(DATA FOR THIS TASK)

↓↓↓

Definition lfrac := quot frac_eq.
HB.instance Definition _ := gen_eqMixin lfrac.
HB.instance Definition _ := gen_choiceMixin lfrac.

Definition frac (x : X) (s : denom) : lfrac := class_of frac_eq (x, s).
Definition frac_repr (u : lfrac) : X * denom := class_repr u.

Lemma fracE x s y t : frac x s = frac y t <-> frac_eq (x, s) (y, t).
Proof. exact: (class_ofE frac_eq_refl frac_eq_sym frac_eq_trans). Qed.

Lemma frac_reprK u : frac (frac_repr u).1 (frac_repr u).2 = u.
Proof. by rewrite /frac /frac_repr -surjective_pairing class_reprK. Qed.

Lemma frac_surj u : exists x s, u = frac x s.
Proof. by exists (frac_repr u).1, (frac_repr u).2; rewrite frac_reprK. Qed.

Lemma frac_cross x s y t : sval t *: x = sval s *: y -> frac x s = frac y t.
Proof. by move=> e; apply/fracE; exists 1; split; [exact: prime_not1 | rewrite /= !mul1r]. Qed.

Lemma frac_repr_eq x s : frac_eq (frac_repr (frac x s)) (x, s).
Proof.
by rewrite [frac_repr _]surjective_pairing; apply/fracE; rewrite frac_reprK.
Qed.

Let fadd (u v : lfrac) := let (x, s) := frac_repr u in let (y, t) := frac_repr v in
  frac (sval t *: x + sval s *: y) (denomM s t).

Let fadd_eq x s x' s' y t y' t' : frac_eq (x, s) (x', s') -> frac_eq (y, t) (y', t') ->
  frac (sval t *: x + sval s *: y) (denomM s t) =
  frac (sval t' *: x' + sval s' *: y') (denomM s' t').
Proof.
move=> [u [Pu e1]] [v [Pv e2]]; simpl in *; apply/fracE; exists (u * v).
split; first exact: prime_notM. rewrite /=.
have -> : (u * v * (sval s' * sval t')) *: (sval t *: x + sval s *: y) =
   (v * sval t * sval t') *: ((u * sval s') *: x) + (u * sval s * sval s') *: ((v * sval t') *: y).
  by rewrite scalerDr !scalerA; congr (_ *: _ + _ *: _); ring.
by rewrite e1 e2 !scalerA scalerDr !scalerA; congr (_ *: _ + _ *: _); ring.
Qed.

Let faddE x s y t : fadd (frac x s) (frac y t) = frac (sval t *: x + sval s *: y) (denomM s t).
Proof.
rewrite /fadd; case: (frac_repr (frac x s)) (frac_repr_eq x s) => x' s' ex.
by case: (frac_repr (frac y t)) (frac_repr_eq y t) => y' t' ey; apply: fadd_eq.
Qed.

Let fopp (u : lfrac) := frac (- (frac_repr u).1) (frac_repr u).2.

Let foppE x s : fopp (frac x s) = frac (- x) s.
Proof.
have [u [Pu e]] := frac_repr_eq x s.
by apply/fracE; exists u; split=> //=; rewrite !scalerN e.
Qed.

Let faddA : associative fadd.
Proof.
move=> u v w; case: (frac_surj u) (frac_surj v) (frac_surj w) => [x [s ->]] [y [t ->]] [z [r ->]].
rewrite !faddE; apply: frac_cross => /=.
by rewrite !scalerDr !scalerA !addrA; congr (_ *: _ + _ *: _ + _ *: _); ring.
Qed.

↑↑↑
↓↓↓

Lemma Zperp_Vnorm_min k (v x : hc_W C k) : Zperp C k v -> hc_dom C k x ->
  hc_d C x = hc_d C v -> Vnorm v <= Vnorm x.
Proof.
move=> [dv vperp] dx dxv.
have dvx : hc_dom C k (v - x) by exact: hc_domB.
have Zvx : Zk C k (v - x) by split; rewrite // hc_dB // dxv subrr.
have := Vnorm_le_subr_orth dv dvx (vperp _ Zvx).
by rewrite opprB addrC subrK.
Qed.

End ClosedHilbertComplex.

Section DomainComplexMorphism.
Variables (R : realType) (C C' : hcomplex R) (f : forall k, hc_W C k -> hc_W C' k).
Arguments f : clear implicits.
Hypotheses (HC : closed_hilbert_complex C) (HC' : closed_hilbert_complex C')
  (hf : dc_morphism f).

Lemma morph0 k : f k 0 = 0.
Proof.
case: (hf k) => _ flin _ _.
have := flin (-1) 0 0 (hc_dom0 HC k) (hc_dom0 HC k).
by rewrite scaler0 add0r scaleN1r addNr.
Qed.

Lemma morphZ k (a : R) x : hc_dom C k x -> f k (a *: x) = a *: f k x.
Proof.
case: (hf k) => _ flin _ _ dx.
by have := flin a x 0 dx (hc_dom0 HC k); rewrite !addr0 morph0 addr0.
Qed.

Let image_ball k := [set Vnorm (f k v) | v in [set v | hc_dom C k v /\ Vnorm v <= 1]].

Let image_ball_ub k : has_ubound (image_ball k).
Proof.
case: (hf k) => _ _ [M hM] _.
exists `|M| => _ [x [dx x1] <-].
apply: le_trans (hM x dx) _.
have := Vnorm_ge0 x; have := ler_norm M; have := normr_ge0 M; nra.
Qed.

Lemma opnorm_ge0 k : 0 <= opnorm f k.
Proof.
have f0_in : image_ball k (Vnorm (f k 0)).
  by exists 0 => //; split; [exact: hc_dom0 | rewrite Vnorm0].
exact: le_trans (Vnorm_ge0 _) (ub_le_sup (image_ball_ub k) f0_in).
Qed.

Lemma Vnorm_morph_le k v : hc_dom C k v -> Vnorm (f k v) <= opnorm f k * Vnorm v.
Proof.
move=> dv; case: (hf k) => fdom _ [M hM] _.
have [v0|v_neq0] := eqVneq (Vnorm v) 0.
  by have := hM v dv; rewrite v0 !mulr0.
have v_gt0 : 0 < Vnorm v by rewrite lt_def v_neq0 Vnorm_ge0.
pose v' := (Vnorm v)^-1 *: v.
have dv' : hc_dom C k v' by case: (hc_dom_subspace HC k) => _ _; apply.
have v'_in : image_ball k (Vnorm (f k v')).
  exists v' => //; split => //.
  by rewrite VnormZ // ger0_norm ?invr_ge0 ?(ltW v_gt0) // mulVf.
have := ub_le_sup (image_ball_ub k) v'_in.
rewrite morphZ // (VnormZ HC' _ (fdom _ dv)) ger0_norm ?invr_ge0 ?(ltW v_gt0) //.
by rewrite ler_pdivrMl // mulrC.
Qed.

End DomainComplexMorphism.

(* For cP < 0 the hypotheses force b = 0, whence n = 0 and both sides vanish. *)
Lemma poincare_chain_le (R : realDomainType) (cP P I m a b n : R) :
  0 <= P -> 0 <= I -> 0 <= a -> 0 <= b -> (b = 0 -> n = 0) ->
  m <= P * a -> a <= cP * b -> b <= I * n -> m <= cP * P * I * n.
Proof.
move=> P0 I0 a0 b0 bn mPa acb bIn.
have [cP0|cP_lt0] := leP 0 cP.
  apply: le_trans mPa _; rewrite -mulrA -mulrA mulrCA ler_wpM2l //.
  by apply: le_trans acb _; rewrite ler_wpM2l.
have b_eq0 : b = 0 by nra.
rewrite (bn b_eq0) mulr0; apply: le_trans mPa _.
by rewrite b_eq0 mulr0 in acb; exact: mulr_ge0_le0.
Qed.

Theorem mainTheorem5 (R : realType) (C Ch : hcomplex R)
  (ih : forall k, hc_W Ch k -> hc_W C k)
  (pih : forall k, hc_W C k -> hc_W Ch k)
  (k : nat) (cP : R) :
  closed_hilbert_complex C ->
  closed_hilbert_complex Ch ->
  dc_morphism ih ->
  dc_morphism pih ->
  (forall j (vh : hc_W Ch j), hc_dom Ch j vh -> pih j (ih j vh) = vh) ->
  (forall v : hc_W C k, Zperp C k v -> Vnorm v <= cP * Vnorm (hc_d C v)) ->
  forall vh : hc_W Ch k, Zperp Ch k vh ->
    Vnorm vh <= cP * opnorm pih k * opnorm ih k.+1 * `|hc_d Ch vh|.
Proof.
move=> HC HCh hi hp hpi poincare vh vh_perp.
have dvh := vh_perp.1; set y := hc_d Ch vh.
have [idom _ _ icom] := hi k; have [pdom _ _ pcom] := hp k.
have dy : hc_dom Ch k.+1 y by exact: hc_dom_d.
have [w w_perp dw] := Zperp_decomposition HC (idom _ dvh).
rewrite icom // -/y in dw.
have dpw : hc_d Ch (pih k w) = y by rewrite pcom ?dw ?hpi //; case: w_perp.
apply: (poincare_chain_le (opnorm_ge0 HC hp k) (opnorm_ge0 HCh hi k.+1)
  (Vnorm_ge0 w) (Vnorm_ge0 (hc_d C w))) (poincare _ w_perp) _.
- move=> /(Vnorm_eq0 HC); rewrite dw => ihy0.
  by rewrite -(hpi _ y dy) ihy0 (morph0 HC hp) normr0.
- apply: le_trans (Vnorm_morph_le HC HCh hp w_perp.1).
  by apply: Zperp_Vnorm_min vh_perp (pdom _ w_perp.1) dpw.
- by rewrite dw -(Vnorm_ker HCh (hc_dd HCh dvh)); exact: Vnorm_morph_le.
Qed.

↑↑↑

Could you restate word for word the lines above, from the one that contains "have Zvx : Zk" through the one that contains "by have := hM v dv; rewrite v0 !mulr0.", and no others?

have Zvx : Zk C k (v - x) by split; rewrite // hc_dB // dxv subrr.
have := Vnorm_le_subr_orth dv dvx (vperp _ Zvx).
by rewrite opprB addrC subrK.
Qed.

End ClosedHilbertComplex.

Section DomainComplexMorphism.
Variables (R : realType) (C C' : hcomplex R) (f : forall k, hc_W C k -> hc_W C' k).
Arguments f : clear implicits.
Hypotheses (HC : closed_hilbert_complex C) (HC' : closed_hilbert_complex C')
  (hf : dc_morphism f).

Lemma morph0 k : f k 0 = 0.
Proof.
case: (hf k) => _ flin _ _.
have := flin (-1) 0 0 (hc_dom0 HC k) (hc_dom0 HC k).
by rewrite scaler0 add0r scaleN1r addNr.
Qed.

Lemma morphZ k (a : R) x : hc_dom C k x -> f k (a *: x) = a *: f k x.
Proof.
case: (hf k) => _ flin _ _ dx.
by have := flin a x 0 dx (hc_dom0 HC k); rewrite !addr0 morph0 addr0.
Qed.

Let image_ball k := [set Vnorm (f k v) | v in [set v | hc_dom C k v /\ Vnorm v <= 1]].

Let image_ball_ub k : has_ubound (image_ball k).
Proof.
case: (hf k) => _ _ [M hM] _.
exists `|M| => _ [x [dx x1] <-].
apply: le_trans (hM x dx) _.
have := Vnorm_ge0 x; have := ler_norm M; have := normr_ge0 M; nra.
Qed.

Lemma opnorm_ge0 k : 0 <= opnorm f k.
Proof.
have f0_in : image_ball k (Vnorm (f k 0)).
  by exists 0 => //; split; [exact: hc_dom0 | rewrite Vnorm0].
exact: le_trans (Vnorm_ge0 _) (ub_le_sup (image_ball_ub k) f0_in).
Qed.

Lemma Vnorm_morph_le k v : hc_dom C k v -> Vnorm (f k v) <= opnorm f k * Vnorm v.
Proof.
move=> dv; case: (hf k) => fdom _ [M hM] _.
have [v0|v_neq0] := eqVneq (Vnorm v) 0.
  by have := hM v dv; rewrite v0 !mulr0.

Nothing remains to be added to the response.